▶ Requirement: Please output exactly the part of the records below that opens with the line containing "(fun n => a n * b n) @ \oo --> 0." and closes with the line containing "have meanE n", both lines included, and nothing else.

Saved entries
==============================

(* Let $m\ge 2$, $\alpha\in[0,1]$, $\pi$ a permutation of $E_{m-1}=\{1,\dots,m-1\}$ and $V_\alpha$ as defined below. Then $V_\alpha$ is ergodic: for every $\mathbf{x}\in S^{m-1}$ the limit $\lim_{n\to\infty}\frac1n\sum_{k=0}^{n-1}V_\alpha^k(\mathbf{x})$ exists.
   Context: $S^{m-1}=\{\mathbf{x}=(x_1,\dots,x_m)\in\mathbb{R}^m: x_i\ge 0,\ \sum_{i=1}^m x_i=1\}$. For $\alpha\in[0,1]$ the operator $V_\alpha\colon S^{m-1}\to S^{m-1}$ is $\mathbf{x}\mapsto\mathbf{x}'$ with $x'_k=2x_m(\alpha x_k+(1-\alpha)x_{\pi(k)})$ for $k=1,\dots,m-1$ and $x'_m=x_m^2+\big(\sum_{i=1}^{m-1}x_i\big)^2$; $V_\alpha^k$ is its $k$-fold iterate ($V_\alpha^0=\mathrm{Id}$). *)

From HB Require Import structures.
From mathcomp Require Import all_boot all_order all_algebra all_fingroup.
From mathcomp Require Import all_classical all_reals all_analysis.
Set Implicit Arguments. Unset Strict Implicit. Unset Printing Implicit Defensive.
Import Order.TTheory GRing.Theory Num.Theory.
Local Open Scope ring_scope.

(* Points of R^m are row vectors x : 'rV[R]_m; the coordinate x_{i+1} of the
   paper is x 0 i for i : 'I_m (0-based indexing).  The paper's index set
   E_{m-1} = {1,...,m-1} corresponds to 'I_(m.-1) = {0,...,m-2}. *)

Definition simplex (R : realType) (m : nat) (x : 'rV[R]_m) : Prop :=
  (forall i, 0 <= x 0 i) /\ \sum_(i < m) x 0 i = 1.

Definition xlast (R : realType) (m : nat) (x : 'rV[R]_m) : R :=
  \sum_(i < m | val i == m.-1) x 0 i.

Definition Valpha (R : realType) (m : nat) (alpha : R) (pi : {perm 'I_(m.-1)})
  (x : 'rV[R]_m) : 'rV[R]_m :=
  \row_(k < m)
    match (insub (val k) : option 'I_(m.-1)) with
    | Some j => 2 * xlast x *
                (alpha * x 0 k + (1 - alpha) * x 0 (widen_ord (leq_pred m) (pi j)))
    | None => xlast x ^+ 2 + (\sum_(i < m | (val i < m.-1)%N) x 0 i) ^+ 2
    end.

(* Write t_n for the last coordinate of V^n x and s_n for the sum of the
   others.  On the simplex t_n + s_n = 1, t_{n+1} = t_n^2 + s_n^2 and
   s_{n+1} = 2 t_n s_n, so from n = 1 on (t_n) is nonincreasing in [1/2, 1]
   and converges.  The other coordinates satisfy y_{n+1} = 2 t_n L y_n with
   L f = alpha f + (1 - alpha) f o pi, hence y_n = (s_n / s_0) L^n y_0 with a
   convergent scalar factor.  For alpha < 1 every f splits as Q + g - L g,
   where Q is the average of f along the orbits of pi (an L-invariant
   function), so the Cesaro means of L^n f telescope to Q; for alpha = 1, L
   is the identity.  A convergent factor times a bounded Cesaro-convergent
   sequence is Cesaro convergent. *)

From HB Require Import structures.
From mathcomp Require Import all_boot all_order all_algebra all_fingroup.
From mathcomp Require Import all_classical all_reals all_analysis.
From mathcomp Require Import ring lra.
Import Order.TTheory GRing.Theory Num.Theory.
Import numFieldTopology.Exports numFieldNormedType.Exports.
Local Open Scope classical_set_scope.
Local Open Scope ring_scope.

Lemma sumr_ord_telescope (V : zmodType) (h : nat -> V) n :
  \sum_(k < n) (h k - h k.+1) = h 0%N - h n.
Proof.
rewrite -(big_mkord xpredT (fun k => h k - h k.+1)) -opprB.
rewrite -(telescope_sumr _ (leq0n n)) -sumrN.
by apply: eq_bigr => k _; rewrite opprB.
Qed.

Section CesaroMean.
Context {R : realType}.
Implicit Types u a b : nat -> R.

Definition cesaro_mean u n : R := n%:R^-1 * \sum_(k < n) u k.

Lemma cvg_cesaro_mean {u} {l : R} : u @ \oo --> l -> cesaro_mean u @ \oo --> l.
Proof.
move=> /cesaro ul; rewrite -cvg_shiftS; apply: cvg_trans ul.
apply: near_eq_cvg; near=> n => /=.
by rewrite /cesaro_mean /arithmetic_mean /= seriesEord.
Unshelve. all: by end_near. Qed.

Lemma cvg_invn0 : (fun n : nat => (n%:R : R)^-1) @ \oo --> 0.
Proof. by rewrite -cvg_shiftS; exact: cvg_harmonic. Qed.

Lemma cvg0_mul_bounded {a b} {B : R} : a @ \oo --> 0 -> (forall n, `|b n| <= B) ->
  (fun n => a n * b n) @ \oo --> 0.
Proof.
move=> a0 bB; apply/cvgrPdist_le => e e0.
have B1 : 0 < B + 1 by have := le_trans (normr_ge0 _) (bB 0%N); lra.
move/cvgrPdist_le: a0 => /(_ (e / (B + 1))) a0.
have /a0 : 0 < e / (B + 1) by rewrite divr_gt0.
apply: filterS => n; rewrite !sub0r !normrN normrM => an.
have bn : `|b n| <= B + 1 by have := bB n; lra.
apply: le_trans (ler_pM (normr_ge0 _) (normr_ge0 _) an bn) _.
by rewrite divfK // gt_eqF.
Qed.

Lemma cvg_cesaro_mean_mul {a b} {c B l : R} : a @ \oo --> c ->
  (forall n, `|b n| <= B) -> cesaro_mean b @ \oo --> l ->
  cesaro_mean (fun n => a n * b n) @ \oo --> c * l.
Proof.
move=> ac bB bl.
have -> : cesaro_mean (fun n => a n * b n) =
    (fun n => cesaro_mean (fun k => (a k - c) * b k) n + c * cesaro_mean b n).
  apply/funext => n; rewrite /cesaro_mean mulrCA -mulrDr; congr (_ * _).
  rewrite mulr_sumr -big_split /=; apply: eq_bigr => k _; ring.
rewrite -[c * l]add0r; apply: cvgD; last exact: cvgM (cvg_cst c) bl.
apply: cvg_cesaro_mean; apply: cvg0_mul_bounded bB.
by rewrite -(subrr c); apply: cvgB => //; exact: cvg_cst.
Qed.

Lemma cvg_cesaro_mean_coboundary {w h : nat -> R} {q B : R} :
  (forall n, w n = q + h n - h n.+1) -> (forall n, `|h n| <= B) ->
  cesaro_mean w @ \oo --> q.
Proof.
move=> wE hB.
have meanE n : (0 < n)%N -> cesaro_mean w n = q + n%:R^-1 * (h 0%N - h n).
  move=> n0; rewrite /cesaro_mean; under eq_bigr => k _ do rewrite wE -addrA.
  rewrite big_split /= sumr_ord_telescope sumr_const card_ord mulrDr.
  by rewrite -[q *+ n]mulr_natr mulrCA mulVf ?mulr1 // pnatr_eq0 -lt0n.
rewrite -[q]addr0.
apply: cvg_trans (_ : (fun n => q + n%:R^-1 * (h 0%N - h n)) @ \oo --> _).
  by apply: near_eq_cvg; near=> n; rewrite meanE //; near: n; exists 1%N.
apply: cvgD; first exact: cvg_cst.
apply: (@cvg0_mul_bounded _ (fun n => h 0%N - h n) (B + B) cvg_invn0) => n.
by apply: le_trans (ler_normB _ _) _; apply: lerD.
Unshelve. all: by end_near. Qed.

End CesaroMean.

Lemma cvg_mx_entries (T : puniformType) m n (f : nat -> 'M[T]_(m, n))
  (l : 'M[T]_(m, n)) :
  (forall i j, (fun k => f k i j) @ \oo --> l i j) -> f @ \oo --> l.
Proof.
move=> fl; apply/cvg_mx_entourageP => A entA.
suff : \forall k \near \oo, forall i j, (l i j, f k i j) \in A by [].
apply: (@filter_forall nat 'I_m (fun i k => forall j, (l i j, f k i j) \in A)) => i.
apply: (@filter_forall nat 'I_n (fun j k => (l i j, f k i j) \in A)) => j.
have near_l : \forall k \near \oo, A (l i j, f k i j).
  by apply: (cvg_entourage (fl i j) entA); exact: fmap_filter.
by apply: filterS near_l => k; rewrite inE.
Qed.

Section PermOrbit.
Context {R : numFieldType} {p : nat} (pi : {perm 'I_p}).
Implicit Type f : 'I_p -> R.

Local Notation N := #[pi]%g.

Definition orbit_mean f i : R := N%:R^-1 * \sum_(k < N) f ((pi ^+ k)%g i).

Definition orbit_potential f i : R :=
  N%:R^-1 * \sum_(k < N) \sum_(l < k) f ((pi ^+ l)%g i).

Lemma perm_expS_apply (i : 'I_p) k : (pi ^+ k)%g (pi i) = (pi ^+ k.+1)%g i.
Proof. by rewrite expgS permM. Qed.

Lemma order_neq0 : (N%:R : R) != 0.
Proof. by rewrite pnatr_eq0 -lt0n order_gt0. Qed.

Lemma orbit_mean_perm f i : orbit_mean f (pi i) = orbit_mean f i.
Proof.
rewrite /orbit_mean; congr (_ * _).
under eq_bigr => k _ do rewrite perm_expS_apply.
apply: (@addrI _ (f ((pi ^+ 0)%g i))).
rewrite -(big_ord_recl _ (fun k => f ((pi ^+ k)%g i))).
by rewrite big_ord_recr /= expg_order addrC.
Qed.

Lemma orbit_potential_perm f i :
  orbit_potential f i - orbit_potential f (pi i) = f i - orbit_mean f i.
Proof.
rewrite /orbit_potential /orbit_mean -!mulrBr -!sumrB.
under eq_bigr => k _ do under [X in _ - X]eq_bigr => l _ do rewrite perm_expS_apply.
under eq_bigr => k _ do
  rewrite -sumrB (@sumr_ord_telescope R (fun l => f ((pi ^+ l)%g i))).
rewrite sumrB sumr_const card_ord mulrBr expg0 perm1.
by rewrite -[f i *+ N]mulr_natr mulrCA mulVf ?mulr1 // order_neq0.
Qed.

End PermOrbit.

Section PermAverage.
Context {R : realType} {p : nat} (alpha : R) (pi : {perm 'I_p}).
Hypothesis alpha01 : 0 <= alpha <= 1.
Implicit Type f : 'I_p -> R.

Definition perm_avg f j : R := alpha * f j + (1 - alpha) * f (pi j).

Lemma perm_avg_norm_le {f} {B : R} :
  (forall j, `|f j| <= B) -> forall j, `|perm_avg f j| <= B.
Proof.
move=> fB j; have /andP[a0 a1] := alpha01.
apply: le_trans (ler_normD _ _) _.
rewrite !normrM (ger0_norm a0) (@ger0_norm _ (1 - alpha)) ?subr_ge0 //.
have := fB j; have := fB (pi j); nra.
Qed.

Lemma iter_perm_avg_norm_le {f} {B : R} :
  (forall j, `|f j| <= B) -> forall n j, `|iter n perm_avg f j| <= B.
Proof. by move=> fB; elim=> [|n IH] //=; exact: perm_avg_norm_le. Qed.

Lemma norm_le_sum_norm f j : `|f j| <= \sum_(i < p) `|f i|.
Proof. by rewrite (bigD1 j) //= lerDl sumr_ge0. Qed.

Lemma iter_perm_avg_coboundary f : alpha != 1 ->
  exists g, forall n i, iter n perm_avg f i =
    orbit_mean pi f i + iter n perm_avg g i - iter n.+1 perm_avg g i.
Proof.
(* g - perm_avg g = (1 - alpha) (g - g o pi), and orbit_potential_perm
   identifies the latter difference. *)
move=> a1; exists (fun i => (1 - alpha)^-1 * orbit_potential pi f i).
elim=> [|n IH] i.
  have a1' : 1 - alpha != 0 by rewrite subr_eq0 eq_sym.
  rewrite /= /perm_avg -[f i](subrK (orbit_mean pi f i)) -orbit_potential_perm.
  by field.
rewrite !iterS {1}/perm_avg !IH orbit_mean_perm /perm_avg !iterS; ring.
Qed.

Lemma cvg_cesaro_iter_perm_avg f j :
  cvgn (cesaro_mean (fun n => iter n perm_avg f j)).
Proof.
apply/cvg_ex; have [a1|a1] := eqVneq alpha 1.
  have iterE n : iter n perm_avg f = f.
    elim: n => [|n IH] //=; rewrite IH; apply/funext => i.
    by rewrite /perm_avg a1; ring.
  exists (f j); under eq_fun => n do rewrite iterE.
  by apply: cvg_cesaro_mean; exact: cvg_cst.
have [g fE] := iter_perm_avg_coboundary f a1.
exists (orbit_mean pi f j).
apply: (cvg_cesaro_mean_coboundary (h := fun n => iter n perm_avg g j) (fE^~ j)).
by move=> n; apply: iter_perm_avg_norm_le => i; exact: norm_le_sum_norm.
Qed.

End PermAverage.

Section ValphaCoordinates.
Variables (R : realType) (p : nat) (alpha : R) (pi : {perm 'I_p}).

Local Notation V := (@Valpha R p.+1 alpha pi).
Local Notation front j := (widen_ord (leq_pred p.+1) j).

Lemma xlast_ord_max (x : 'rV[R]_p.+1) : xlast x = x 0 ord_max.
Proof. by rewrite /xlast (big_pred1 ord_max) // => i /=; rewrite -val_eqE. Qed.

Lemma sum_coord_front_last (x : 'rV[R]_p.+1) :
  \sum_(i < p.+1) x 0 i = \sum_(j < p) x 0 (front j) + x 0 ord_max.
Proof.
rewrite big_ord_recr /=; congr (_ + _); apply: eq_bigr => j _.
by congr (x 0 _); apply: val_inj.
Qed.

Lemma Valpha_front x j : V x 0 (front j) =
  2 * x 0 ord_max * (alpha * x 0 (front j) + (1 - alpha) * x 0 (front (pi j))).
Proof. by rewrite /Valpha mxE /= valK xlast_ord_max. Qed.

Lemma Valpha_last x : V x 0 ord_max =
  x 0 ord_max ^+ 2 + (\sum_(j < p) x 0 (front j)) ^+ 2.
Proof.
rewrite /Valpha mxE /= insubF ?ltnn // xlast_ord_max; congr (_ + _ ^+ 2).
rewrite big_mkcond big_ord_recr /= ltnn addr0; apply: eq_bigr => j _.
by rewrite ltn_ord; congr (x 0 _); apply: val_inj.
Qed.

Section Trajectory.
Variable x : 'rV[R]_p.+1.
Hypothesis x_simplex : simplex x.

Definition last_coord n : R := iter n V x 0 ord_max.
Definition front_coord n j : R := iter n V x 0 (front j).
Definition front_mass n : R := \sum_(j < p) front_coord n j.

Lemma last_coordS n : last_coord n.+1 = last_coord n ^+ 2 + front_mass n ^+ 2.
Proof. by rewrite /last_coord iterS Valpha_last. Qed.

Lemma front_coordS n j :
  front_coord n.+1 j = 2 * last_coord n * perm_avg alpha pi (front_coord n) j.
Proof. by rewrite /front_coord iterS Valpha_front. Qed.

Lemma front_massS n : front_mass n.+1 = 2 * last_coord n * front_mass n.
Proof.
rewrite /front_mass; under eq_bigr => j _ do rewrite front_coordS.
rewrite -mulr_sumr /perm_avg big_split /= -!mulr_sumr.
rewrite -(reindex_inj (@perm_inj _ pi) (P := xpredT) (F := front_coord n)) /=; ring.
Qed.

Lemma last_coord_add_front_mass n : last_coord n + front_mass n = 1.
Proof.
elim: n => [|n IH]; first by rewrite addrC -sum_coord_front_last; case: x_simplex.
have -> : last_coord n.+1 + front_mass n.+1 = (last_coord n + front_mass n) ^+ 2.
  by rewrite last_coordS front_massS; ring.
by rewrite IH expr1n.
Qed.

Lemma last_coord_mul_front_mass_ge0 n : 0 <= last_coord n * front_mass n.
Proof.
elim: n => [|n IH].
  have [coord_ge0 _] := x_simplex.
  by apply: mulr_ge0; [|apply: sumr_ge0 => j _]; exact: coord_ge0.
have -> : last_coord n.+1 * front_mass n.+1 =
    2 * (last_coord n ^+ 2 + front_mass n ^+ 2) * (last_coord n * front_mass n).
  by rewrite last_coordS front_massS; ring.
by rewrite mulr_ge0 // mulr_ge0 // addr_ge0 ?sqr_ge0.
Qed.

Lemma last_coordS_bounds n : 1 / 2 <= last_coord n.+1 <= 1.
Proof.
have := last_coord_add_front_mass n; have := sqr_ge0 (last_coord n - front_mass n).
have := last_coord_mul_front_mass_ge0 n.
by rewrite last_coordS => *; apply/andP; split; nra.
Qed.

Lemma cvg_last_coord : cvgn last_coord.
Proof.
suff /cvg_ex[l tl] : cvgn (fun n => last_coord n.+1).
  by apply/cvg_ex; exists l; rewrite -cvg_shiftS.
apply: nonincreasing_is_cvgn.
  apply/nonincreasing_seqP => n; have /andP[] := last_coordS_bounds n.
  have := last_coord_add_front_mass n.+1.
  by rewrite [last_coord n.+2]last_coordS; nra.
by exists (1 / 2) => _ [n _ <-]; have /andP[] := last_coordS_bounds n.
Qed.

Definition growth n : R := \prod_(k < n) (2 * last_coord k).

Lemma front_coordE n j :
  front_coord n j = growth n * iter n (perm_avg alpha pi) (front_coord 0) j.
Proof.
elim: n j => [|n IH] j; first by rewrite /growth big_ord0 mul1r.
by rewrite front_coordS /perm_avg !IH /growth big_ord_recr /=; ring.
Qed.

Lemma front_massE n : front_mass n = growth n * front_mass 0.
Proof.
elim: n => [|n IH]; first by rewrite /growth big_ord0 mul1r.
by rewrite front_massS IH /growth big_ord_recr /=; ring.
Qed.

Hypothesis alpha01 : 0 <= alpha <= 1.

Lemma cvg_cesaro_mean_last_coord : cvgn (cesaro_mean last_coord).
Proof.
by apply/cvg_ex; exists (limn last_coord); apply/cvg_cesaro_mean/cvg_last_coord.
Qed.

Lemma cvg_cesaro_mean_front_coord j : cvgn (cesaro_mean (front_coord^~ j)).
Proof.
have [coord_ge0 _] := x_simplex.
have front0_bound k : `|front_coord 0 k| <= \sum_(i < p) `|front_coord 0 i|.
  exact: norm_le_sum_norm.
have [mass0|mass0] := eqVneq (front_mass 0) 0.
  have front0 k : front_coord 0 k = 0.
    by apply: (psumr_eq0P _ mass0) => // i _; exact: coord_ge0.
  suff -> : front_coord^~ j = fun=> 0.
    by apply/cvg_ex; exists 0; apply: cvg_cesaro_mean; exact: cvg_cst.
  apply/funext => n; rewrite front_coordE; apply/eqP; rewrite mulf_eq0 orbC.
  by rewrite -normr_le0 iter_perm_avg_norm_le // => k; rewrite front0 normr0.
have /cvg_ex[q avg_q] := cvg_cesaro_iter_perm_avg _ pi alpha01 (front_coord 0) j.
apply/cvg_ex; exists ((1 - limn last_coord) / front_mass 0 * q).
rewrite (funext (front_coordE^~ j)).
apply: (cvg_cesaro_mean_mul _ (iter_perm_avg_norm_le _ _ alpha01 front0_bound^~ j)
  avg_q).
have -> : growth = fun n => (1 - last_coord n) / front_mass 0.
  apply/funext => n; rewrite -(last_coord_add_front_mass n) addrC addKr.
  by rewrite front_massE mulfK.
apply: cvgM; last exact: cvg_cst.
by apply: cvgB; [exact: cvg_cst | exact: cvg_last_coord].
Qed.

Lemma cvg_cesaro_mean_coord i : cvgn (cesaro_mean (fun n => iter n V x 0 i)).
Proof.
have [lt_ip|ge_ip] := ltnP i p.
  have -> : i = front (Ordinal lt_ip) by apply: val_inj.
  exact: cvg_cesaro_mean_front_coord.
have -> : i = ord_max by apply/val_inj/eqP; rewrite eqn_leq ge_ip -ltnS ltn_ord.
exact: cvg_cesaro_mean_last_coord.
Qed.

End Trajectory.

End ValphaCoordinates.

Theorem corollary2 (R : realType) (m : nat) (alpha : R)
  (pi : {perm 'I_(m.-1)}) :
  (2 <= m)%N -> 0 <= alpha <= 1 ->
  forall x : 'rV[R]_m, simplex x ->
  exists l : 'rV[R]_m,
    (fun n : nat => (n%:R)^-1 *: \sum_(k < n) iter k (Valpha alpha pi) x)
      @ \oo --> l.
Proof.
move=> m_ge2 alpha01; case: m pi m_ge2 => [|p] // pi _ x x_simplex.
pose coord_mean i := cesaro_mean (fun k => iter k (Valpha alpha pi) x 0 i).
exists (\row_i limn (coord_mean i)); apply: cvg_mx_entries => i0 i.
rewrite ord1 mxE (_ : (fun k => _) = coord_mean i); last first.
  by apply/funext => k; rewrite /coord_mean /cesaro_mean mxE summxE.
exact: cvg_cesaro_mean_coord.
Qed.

==============================

▶ Answer below:
  (fun n => a n * b n) @ \oo --> 0.
Proof.
move=> a0 bB; apply/cvgrPdist_le => e e0.
have B1 : 0 < B + 1 by have := le_trans (normr_ge0 _) (bB 0%N); lra.
move/cvgrPdist_le: a0 => /(_ (e / (B + 1))) a0.
have /a0 : 0 < e / (B + 1) by rewrite divr_gt0.
apply: filterS => n; rewrite !sub0r !normrN normrM => an.
have bn : `|b n| <= B + 1 by have := bB n; lra.
apply: le_trans (ler_pM (normr_ge0 _) (normr_ge0 _) an bn) _.
by rewrite divfK // gt_eqF.
Qed.

Lemma cvg_cesaro_mean_mul {a b} {c B l : R} : a @ \oo --> c ->
  (forall n, `|b n| <= B) -> cesaro_mean b @ \oo --> l ->
  cesaro_mean (fun n => a n * b n) @ \oo --> c * l.
Proof.
move=> ac bB bl.
have -> : cesaro_mean (fun n => a n * b n) =
    (fun n => cesaro_mean (fun k => (a k - c) * b k) n + c * cesaro_mean b n).
  apply/funext => n; rewrite /cesaro_mean mulrCA -mulrDr; congr (_ * _).
  rewrite mulr_sumr -big_split /=; apply: eq_bigr => k _; ring.
rewrite -[c * l]add0r; apply: cvgD; last exact: cvgM (cvg_cst c) bl.
apply: cvg_cesaro_mean; apply: cvg0_mul_bounded bB.
by rewrite -(subrr c); apply: cvgB => //; exact: cvg_cst.
Qed.

Lemma cvg_cesaro_mean_coboundary {w h : nat -> R} {q B : R} :
  (forall n, w n = q + h n - h n.+1) -> (forall n, `|h n| <= B) ->
  cesaro_mean w @ \oo --> q.
Proof.
move=> wE hB.
have meanE n : (0 < n)%N -> cesaro_mean w n = q + n%:R^-1 * (h 0%N - h n).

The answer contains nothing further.